I've heard this...but since it's been on the fronts I'm finding it a bit suspicious.


----------



## Hysert (Dec 16, 2009)

It' even more fun when ur tire passes you!!  lol....

In all seriousness I've had this happen yrs ago on a 3500! Now I check them regularly torque to spec too bc the threads are only good for so much torque, air impact will usually be more then what required therefore your stretching the threads.... loose wheels tends to sound like a crackling or often mistaken for a hanger bearing.. 

Fun times this snow biz EH....


----------



## Western1 (Dec 4, 2008)

Just drove by a set of dual wheels on the sidewalk next to the road. Must be more than loose lugs there!


----------



## Randall Ave (Oct 29, 2014)

Mark, what is ole yeller?


----------



## Mark Oomkes (Dec 10, 2000)

If only it looked as purty now...

'93 L8000 with a Marmon-Harrington 4WD conversion.

Dump box is gone, flatbed now. 10's muni Vbox. Most of the time the front blade is oof.
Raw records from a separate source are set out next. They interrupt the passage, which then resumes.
(* Let $\Omega$ be a finite subset of $\mathbb{Z}^d\setminus\{0\}$ invariant under all symmetries of $\mathbb{Z}^d$, let $\phi:\mathbb{Z}_{\ge 0}\to[0,\infty)$ satisfy $\phi(0)=\phi(1)=0$ and $\phi(a+b)\ge\phi(a)+\phi(b)$, and let $\rho$ be a probability mass function on $\Omega$ invariant under all symmetries of $\mathbb{Z}^d$. For every $n\ge1$ and every set $A$ of bridges of length $n$, $$\mathbb{P}_{\mathrm{B}_n}(A)=\mathbb{P}_{\mathrm{iB}}^{\otimes\mathbb{N}}\big((\gamma(i))_{i=0}^n\in A\ \big|\ n\in R_\gamma\big).$$
   Context: Walks: sequences $\gamma=(\gamma(i))$ in $\mathbb{Z}^d$ with increments in $\Omega$; $\mathrm{W}_n$ the walks of length $n$ from $0$. With $l_v(\gamma)=\#\{k:\gamma(k)=v\}$, $\sigma(\gamma)=\prod_{v}e^{-\phi(l_v(\gamma))}\prod_{i=1}^n\rho(\gamma(i)-\gamma(i-1))$; $Z_n=\sum_{\mathrm{W}_n}\sigma$, $\lambda_0=\lim_n\tfrac1n\log Z_n$. $x(v)$ is the first coordinate. A bridge of length $n$ is $\gamma\in\mathrm{W}_n$ with $x(\gamma(0))<x(\gamma(i))\le x(\gamma(n))$ for $1\le i\le n$; $\mathrm{B}_n$ is the set of these, and $\mathbb{P}_{\mathrm{B}_n}(\gamma)=\sigma(\gamma)/\sum_{\gamma'\in\mathrm{B}_n}\sigma(\gamma')$. A renewal time of a bridge of length $n$ is $i\in\{1,\dots,n-1\}$ with $x(\gamma(i))<x(\gamma(k))$ for $k>i$ and $x(\gamma(i))\ge x(\gamma(k))$ for $k<i$; a bridge is irreducible if it has none; $\mathrm{iB}$ is the set of irreducible bridges, and $\mathbb{P}_{\mathrm{iB}}(\gamma)=\sigma(\gamma)e^{-\lambda_0|\gamma|}$ is a probability measure on $\mathrm{iB}$. Concatenation: for walks $\gamma_1$ of length $n$ and $\gamma_2$ of length $m$, $\gamma_1\circ\gamma_2(i)=\gamma_1(i)$ for $i\le n$ and $\gamma_1(n)+\gamma_2(i-n)$ for $n\le i\le n+m$. $\mathbb{P}_{\mathrm{iB}}^{\otimes\mathbb{N}}$ is the law of the semi-infinite walk $\gamma=\gamma_1\circ\gamma_2\circ\cdots$ where $\gamma_1,\gamma_2,\dots$ are i.i.d. with law $\mathbb{P}_{\mathrm{iB}}$; its renewal times are $r_k=|\gamma_1|+\dots+|\gamma_k|$ for $k\ge1$, and $R_\gamma=\{r_k:k\ge1\}$. *)

From HB Require Import structures.
From mathcomp Require Import all_boot all_order all_algebra perm.
From mathcomp Require Import all_classical all_reals all_analysis.
Set Implicit Arguments. Unset Strict Implicit. Unset Printing Implicit Defensive.
Import Order.TTheory GRing.Theory Num.Theory.
Local Open Scope ring_scope.
Local Open Scope classical_set_scope.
PS It's got a Cummings powerplant.


----------



## BossPlow2010 (Sep 29, 2010)

Mark Oomkes said:


> View attachment 176915
> 
> 
> If only it looked as purty now...
> ...


Nice truck?
Do you run a pre wet system on any of your salters?


----------



## Randall Ave (Oct 29, 2014)

I can't tell if they are buds, or hub pilot. Don't have a real answer, rust can push things apart. When I have wheels off on stuff like that. A use a flexible sanding wheel on a air sander and clean everything up. Just finished putting springs on a C-8500 today. Had to de rust everything, she's a township salter. You got my #, call anytime.


----------



## m_ice (Aug 12, 2012)

We use the torque limiting sockets on smaller trucks and have been please, I dictators on larger trucks. Regardless of truck size it's part of daily driver inspection checklist.


----------



## Philbilly2 (Aug 25, 2007)

Ajlawn1 said:


> Overloading! Who does that.....? I thought the GVW was more of a ball park recommendation thing.....
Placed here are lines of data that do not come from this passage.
(* Let $\mathcal{H}$ be a finite-dimensional Hilbert space with orthonormal basis $\{|g_i\rangle\}_{i=1}^{N_g}\cup\{|e_j\rangle\}_{j=1}^{N_e}$ (ground and excited states). Let $$H=\sum_{i=1}^{N_g}\sum_{j=1}^{N_e}\Big[\Delta_{ij}\big(|g_i\rangle\langle g_i|-|e_j\rangle\langle e_j|\big)+\big(V_{ij}|g_i\rangle\langle e_j|+V_{ij}^*|e_j\rangle\langle g_i|\big)\Big]$$ with $\Delta_{ij}\in\mathbb{R}$, $V_{ij}\in\mathbb{C}$. Let $\gamma_{ij}\ge 0$ be decay rates with $\Gamma_j:=\sum_{i=1}^{N_g}\gamma_{ij}>0$ for every $j$, let $\sigma_{ij}=|g_i\rangle\langle e_j|$, and define the Lindblad operator $$L(\rho)=-i[H,\rho]+\sum_{i,j}\gamma_{ij}\Big(-\tfrac12\{\sigma_{ij}^\dagger\sigma_{ij},\rho\}+\sigma_{ij}\rho\sigma_{ij}^\dagger\Big).$$ Let $\Gamma=\sum_{i,j}\gamma_{ij}\sigma_{ij}^\dagger\sigma_{ij}$, $\tilde H=H-i\Gamma$, and $L_{\tilde H}\rho=-i(\tilde H\rho-\rho\tilde H^\dagger)$. Then a density matrix $\rho_d$ on $\mathcal{H}$ is a dark state of $L$ if and only if $L_{\tilde H}\rho_d=0$.
   Context: A density matrix is a positive semidefinite Hermitian operator of trace one. A dark state of $L$ is a density matrix $\rho$ with $L\rho=0$ that involves only the ground-state manifold, i.e. $P\rho P=\rho$ where $P=\sum_{i=1}^{N_g}|g_i\rangle\langle g_i|$ (equivalently, $\rho$ has no population or coherence involving the excited states $|e_j\rangle$). $\{A,B\}=AB+BA$ denotes the anticommutator. *)

From HB Require Import structures.
From mathcomp Require Import all_boot all_order all_algebra.
From mathcomp Require Import complex.
From mathcomp Require Import reals.
Set Implicit Arguments. Unset Strict Implicit. Unset Printing Implicit Defensive.
Import Order.TTheory GRing.Theory Num.Theory.
Local Open Scope ring_scope.
Local Open Scope complex_scope.

Section Lindblad.
Variables (R : realType) (Ng Ne : nat).
Local Notation C := R[i].
Local Notation n := (Ng + Ne)%N.
Local Notation M := 'M[C]_n.

Definition gidx (i : 'I_Ng) : 'I_n := lshift Ne i.
Definition eidx (j : 'I_Ne) : 'I_n := rshift Ng j.

Definition dagger (m k : nat) (A : 'M[C]_(m, k)) : 'M[C]_(k, m) :=
  (map_mx Num.conj A)^T.

Definition density_matrix (rho : M) : Prop :=
  [/\ dagger rho = rho,
      (forall v : 'cV[C]_n, 0 <= (dagger v *m rho *m v) 0 0)
    & \tr rho = 1].

Definition hamiltonian (Delta : 'I_Ng -> 'I_Ne -> R) (V : 'I_Ng -> 'I_Ne -> C) : M :=
  \sum_(i < Ng) \sum_(j < Ne)
    ((Delta i j)%:C *: (delta_mx (gidx i) (gidx i) - delta_mx (eidx j) (eidx j))
     + (V i j *: delta_mx (gidx i) (eidx j)
        + (V i j)^* *: delta_mx (eidx j) (gidx i))).

Definition sigma (i : 'I_Ng) (j : 'I_Ne) : M := delta_mx (gidx i) (eidx j).

Definition lindblad (H : M) (gamma : 'I_Ng -> 'I_Ne -> R) (rho : M) : M :=
  - 'i *: (H *m rho - rho *m H)
  + \sum_(i < Ng) \sum_(j < Ne)
      (gamma i j)%:C *:
        (- (2^-1) *: (dagger (sigma i j) *m sigma i j *m rho
                      + rho *m (dagger (sigma i j) *m sigma i j))
         + sigma i j *m rho *m dagger (sigma i j)).

Definition Gamma_op (gamma : 'I_Ng -> 'I_Ne -> R) : M :=
  \sum_(i < Ng) \sum_(j < Ne) (gamma i j)%:C *: (dagger (sigma i j) *m sigma i j).

Definition Htilde (H : M) (gamma : 'I_Ng -> 'I_Ne -> R) : M :=
  H - 'i *: Gamma_op gamma.

Definition L_Htilde (H : M) (gamma : 'I_Ng -> 'I_Ne -> R) (rho : M) : M :=
  - 'i *: (Htilde H gamma *m rho - rho *m dagger (Htilde H gamma)).

Definition Pground : M := \sum_(i < Ng) delta_mx (gidx i) (gidx i).

Definition dark_state (L : M -> M) (rho : M) : Prop :=
  density_matrix rho /\ L rho = 0 /\ Pground *m rho *m Pground = rho.

End Lindblad.

From HB Require Import structures.
From mathcomp Require Import all_boot all_order all_algebra.
From mathcomp Require Import complex.
From mathcomp Require Import reals.
From mathcomp Require Import ring.
Set Implicit Arguments. Unset Strict Implicit. Unset Printing Implicit Defensive.
Import Order.TTheory GRing.Theory Num.Theory.
Local Open Scope ring_scope.

(* Idea: Gamma and every jump operator sigma_ij only touch excited states, so
   on a state supported on the ground manifold both L and L_Htilde reduce to
   -i[H, rho].  Conversely, as H is Hermitian,
   tr (L_Htilde rho) = -2 tr (Gamma rho) = -2 sum_ij gamma_ij rho_(e_j, e_j);
   positivity of rho and Gamma_j > 0 then force every excited population to
   vanish, and a positive semidefinite matrix with a zero diagonal entry has
   the whole corresponding row and column equal to zero. *)

Section Dagger.
Variable R : realType.
Local Notation C := R[i].

Lemma conj_real_complex (x : R) : (x%:C%C)^* = x%:C%C.
Proof. exact: conjc_real. Qed.

Lemma daggerD m k (A B : 'M[C]_(m, k)) : dagger (A + B) = dagger A + dagger B.
Proof. by rewrite /dagger map_mxD linearD. Qed.

Lemma dagger0 m k : dagger (0 : 'M[C]_(m, k)) = 0.
Proof. by rewrite /dagger map_mx0 trmx0. Qed.

Lemma daggerN m k (A : 'M[C]_(m, k)) : dagger (- A) = - dagger A.
Proof. by rewrite /dagger map_mxN linearN. Qed.

Lemma daggerZ m k (a : C) (A : 'M[C]_(m, k)) : dagger (a *: A) = a^* *: dagger A.
Proof. by rewrite /dagger map_mxZ linearZ. Qed.

Lemma dagger_sum m k (I : finType) (F : I -> 'M[C]_(m, k)) :
  dagger (\sum_i F i) = \sum_i dagger (F i).
Proof. exact: (big_morph _ (@daggerD m k) (@dagger0 m k)). Qed.

Lemma dagger_delta m k (i : 'I_m) (j : 'I_k) :
  dagger (delta_mx i j : 'M[C]_(m, k)) = delta_mx j i.
Proof. by rewrite /dagger map_delta_mx trmx_delta. Qed.

Lemma daggerE m k (A : 'M[C]_(m, k)) i j : dagger A i j = (A j i)^*.
Proof. by rewrite !mxE. Qed.

End Dagger.

Section DeltaMatrices.
Variable (T : pzSemiRingType) (m n p : nat).

Lemma delta_mulmx_row0 (A : 'M[T]_(m, n)) (x : 'I_p) i :
  row i A = 0 -> delta_mx x i *m A = 0.
Proof. by move=> Ai0; rewrite -(mul_delta_mx (0 : 'I_1)) -mulmxA -rowE Ai0 mulmx0. Qed.

Lemma mulmx_delta_col0 (A : 'M[T]_(m, n)) (x : 'I_p) j :
  col j A = 0 -> A *m delta_mx j x = 0.
Proof. by move=> Aj0; rewrite -(mul_delta_mx (0 : 'I_1)) mulmxA -colE Aj0 mul0mx. Qed.

Lemma delta_mulmx_delta (A : 'M[T]_(m, n)) k l :
  delta_mx 0 k *m A *m delta_mx l 0 = (A k l)%:M :> 'M[T]_1.
Proof.
by apply/matrixP => a b; rewrite !ord1 -rowE -colE !mxE eqxx mulr1n.
Qed.

Lemma scalar_mx_sum_delta : (1%:M : 'M[T]_n) = \sum_(k < n) delta_mx k k.
Proof.
apply/matrixP => a b; rewrite mxE summxE (bigD1 a) //= big1 => [|k /negbTE kNa].
  by rewrite mxE eqxx addr0 eq_sym.
by rewrite mxE eq_sym kNa.
Qed.

End DeltaMatrices.

Section PositiveSemidefinite.
Variables (R : realType) (n : nat) (A : 'M[R[i]]_n).
Hypothesis A_herm : dagger A = A.
Hypothesis A_psd : forall v : 'cV[R[i]]_n, 0 <= (dagger v *m A *m v) 0 0.

Lemma psd_diag_ge0 k : 0 <= A k k.
Proof.
by have := A_psd (delta_mx k 0); rewrite dagger_delta (delta_mulmx_delta A) mxE eqxx.
Qed.

Lemma psd_conj_entry k l : A l k = (A k l)^*.
Proof. by rewrite -[in LHS]A_herm daggerE. Qed.

Lemma psd_entry_eq0 k l : A k k = 0 -> A k l = 0.
Proof.
move=> Akk0; apply/eqP/negPn/negP => xNZ.
set x := A k l in xNZ; set d := A l l.
have d_ge0 : 0 <= d := psd_diag_ge0 l.
pose v (a : R[i]) : 'cV_n := a *: delta_mx k 0 + delta_mx l 0.
have form a : (dagger (v a) *m A *m v a) 0 0 = a^* * x + a * x^* + d.
  rewrite /v daggerD daggerZ !dagger_delta !mulmxDl !mulmxDr -!scalemxAl -!scalemxAr.
  rewrite !(delta_mulmx_delta A) Akk0 (psd_conj_entry k l) !mxE !eqxx /= !mulr1n.
  by rewrite !mulr0 add0r addrA.
(* choosing a x^* = -(1 + d) makes the form at a e_k + e_l negative *)
pose a := - (1 + d) / x^*.
have ax : a * x^* = - (1 + d) by rewrite divfK // conjC_eq0.
have ax_conj : a^* * x = - (1 + d).
  by rewrite -[x]conjCK -rmorphM /= ax conj_Creal // rpredN rpredD ?real1 ?ger0_real.
have := A_psd (v a).
rewrite form ax_conj ax (_ : _ + _ + d = - (1 + (1 + d))); last by ring.
by rewrite oppr_ge0 lt_geF // (lt_le_trans ltr01) // lerDl addr_ge0 ?ler01.
Qed.

Lemma psd_row_col_eq0 k : A k k = 0 -> row k A = 0 /\ col k A = 0.
Proof.
move=> Akk0; split; [apply/rowP => l | apply/colP => l]; rewrite !mxE.
  exact: psd_entry_eq0.
by rewrite psd_conj_entry psd_entry_eq0 ?conjC0.
Qed.

End PositiveSemidefinite.

Section Model.
Variables (R : realType) (Ng Ne : nat).
Local Notation C := R[i].
Local Notation n := (Ng + Ne)%N.
Local Notation M := 'M[C]_n.
Local Notation P := (Pground R Ng Ne).
Local Notation e := (eidx Ng).

Definition Pexcited : M := \sum_(j < Ne) delta_mx (e j) (e j).

Definition excited_free (rho : M) :=
  forall j : 'I_Ne, row (e j) rho = 0 /\ col (e j) rho = 0.

Lemma sigma_dagger_sigma (i : 'I_Ng) (j : 'I_Ne) :
  dagger (sigma R i j) *m sigma R i j = delta_mx (e j) (e j).
Proof. by rewrite /sigma dagger_delta mul_delta_mx. Qed.

Lemma hamiltonian_herm (Delta : 'I_Ng -> 'I_Ne -> R) (V : 'I_Ng -> 'I_Ne -> C) :
  dagger (hamiltonian Delta V) = hamiltonian Delta V.
Proof.
rewrite /hamiltonian dagger_sum; apply: eq_bigr => i _.
rewrite dagger_sum; apply: eq_bigr => j _.
rewrite !daggerD !daggerZ daggerD daggerN !dagger_delta conj_real_complex conjCK.
by rewrite [X in _ + X]addrC.
Qed.

Lemma Gamma_op_herm (gamma : 'I_Ng -> 'I_Ne -> R) :
  dagger (Gamma_op gamma) = Gamma_op gamma.
Proof.
rewrite /Gamma_op dagger_sum; apply: eq_bigr => i _.
rewrite dagger_sum; apply: eq_bigr => j _.
by rewrite daggerZ conj_real_complex sigma_dagger_sigma dagger_delta.
Qed.

Lemma L_HtildeE (H : M) gamma rho : dagger H = H ->
  L_Htilde H gamma rho =
  - 'i *: (H *m rho - rho *m H) - (Gamma_op gamma *m rho + rho *m Gamma_op gamma).
Proof.
move=> H_herm; rewrite /L_Htilde /Htilde daggerD daggerN daggerZ H_herm Gamma_op_herm.
have conj_i : ('i : C)^* = - 'i by apply/eqP; rewrite eq_complex /= oppr0 !eqxx.
have i2 : ('i : C) * 'i = -1 by rewrite -expr2 sqr_i.
rewrite conj_i mulmxBl mulmxDr -!scalemxAl mulmxN -!scalemxAr.
rewrite !(scalerDr, scalerN, scalerA, mulrN, mulNr, opprK, i2, scaleN1r, scaleNr).
by rewrite !opprD opprK addrACA.
Qed.

Lemma Pground_add_Pexcited : P + Pexcited = 1%:M.
Proof. by rewrite scalar_mx_sum_delta big_split_ord. Qed.

Lemma excited_mulmx_Pground p (x : 'I_p) j : delta_mx x (e j) *m P = 0.
Proof.
by rewrite /Pground mulmx_sumr big1 // => i _; rewrite mul_delta_mx_0 // eq_rlshift.
Qed.

Lemma Pground_mulmx_excited p (x : 'I_p) j : P *m delta_mx (e j) x = 0.
Proof.
by rewrite /Pground mulmx_suml big1 // => i _; rewrite mul_delta_mx_0 // eq_lrshift.
Qed.

Lemma ground_supportedP rho : P *m rho *m P = rho <-> excited_free rho.
Proof.
split=> [rhoP j | rho_free].
  by rewrite rowE colE -rhoP !mulmxA excited_mulmx_Pground -!mulmxA
             Pground_mulmx_excited !mulmx0 mul0mx.
have Qrho : Pexcited *m rho = 0.
  rewrite /Pexcited mulmx_suml big1 // => j _.
  by apply: delta_mulmx_row0; case: (rho_free j).
have rhoQ : rho *m Pexcited = 0.
  rewrite /Pexcited mulmx_sumr big1 // => j _.
  by apply: mulmx_delta_col0; case: (rho_free j).
have -> : P = 1%:M - Pexcited by rewrite -Pground_add_Pexcited addrK.
by rewrite mulmxBl mul1mx Qrho subr0 mulmxBr mulmx1 rhoQ subr0.
Qed.

Lemma lindblad_excited_free (H : M) gamma rho : dagger H = H ->
  excited_free rho -> lindblad H gamma rho = L_Htilde H gamma rho.
Proof.
move=> H_herm rho_free.
have e_rho x j : delta_mx x (e j) *m rho = 0.
  by apply: delta_mulmx_row0; case: (rho_free j).
have rho_e x j : rho *m delta_mx (e j) x = 0.
  by apply: mulmx_delta_col0; case: (rho_free j).
have Gamma_rho : Gamma_op gamma *m rho = 0.
  rewrite /Gamma_op mulmx_suml big1 // => i _; rewrite mulmx_suml big1 // => j _.
  by rewrite -scalemxAl sigma_dagger_sigma e_rho scaler0.
have rho_Gamma : rho *m Gamma_op gamma = 0.
  rewrite /Gamma_op mulmx_sumr big1 // => i _; rewrite mulmx_sumr big1 // => j _.
  by rewrite -scalemxAr sigma_dagger_sigma rho_e scaler0.
rewrite L_HtildeE // Gamma_rho rho_Gamma addr0 subr0 /lindblad big1 ?addr0 // => i _.
rewrite big1 // => j _.
by rewrite sigma_dagger_sigma e_rho rho_e {1}/sigma e_rho !mul0mx !addr0 !scaler0.
Qed.

Lemma mxtrace_L_Htilde (H : M) gamma rho : dagger H = H ->
  \tr (L_Htilde H gamma rho) = - (\tr (Gamma_op gamma *m rho) *+ 2).
Proof.
move=> H_herm; rewrite L_HtildeE // raddfB /= linearZ /= raddfB /= (mxtrace_mulC rho H).
by rewrite subrr mulr0 sub0r raddfD /= (mxtrace_mulC rho) mulr2n.
Qed.

Lemma mxtrace_Gamma_mul gamma (rho : M) : \tr (Gamma_op gamma *m rho) =
  \sum_(j < Ne) (\sum_(i < Ng) gamma i j)%:C%C * rho (e j) (e j).
Proof.
rewrite /Gamma_op exchange_big mulmx_suml raddf_sum; apply: eq_bigr => j _.
rewrite rmorph_sum mulr_suml mulmx_suml raddf_sum /=; apply: eq_bigr => i _.
rewrite -scalemxAl mxtraceZ sigma_dagger_sigma.
by rewrite -(mul_delta_mx (0 : 'I_1)) -mulmxA mxtrace_mulC -rowE -colE trace_mx11 !mxE.
Qed.

Lemma excited_population_eq0 (gamma : 'I_Ng -> 'I_Ne -> R) (rho : M) (j : 'I_Ne) :
  (forall i j, 0 <= gamma i j) -> (forall j, 0 < \sum_(i < Ng) gamma i j) ->
  (forall k, 0 <= rho k k) -> \tr (Gamma_op gamma *m rho) = 0 ->
  rho (e j) (e j) = 0.
Proof.
move=> gamma_ge0 Gamma_pos rho_ge0; rewrite mxtrace_Gamma_mul.
have term_ge0 j' : 0 <= (\sum_(i < Ng) gamma i j')%:C%C * rho (e j') (e j').
  by rewrite mulr_ge0 // ler0c sumr_ge0.
move/psumr_eq0P => /(_ (fun j' _ => term_ge0 j') j isT) /eqP.
rewrite mulf_eq0 => /orP [/eqP /complexI Gamma0 | /eqP //].
by have := Gamma_pos j; rewrite Gamma0 ltxx.
Qed.

End Model.

Theorem theorem1 (R : realType) (Ng Ne : nat)
  (Delta : 'I_Ng -> 'I_Ne -> R) (V : 'I_Ng -> 'I_Ne -> R[i])
  (gamma : 'I_Ng -> 'I_Ne -> R)
  (gamma_ge0 : forall i j, 0 <= gamma i j)
  (Gamma_pos : forall j, 0 < \sum_(i < Ng) gamma i j)
  (rho : 'M[R[i]]_(Ng + Ne)) :
  density_matrix rho ->
  (dark_state (lindblad (hamiltonian Delta V) gamma) rho <->
   L_Htilde (hamiltonian Delta V) gamma rho = 0).
Proof.
move=> rho_dm; have [rho_herm rho_psd _] := rho_dm.
have H_herm := hamiltonian_herm Delta V.
split=> [[_ [L0 /ground_supportedP rho_free]] | LH0].
  by rewrite -(lindblad_excited_free gamma H_herm rho_free) L0.
have trGamma0 : \tr (Gamma_op gamma *m rho) = 0.
  have := congr1 mxtrace LH0; rewrite (mxtrace_L_Htilde gamma rho H_herm) mxtrace0.
  by move/eqP; rewrite oppr_eq0 mulrn_eq0 => /eqP.
have rho_free : excited_free rho.
  move=> j; apply: (psd_row_col_eq0 rho_herm rho_psd).
  exact: excited_population_eq0 gamma_ge0 Gamma_pos (psd_diag_ge0 rho_psd) trGamma0.
split=> //; split; last exact/ground_supportedP.
by rewrite (lindblad_excited_free gamma H_herm rho_free).
Qed.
It is a simple suggestion that is meant to be broken...

like a fiscal year budget...


----------



## kimber750 (Sep 19, 2011)

Randall Ave said:


> I can't tell if they are buds, or hub pilot. Don't have a real answer, rust can push things apart. When I have wheels off on stuff like that. A use a flexible sanding wheel on a air sander and clean everything up. Just finished putting springs on a C-8500 today. Had to de rust everything, she's a township salter. You got my #, call anytime.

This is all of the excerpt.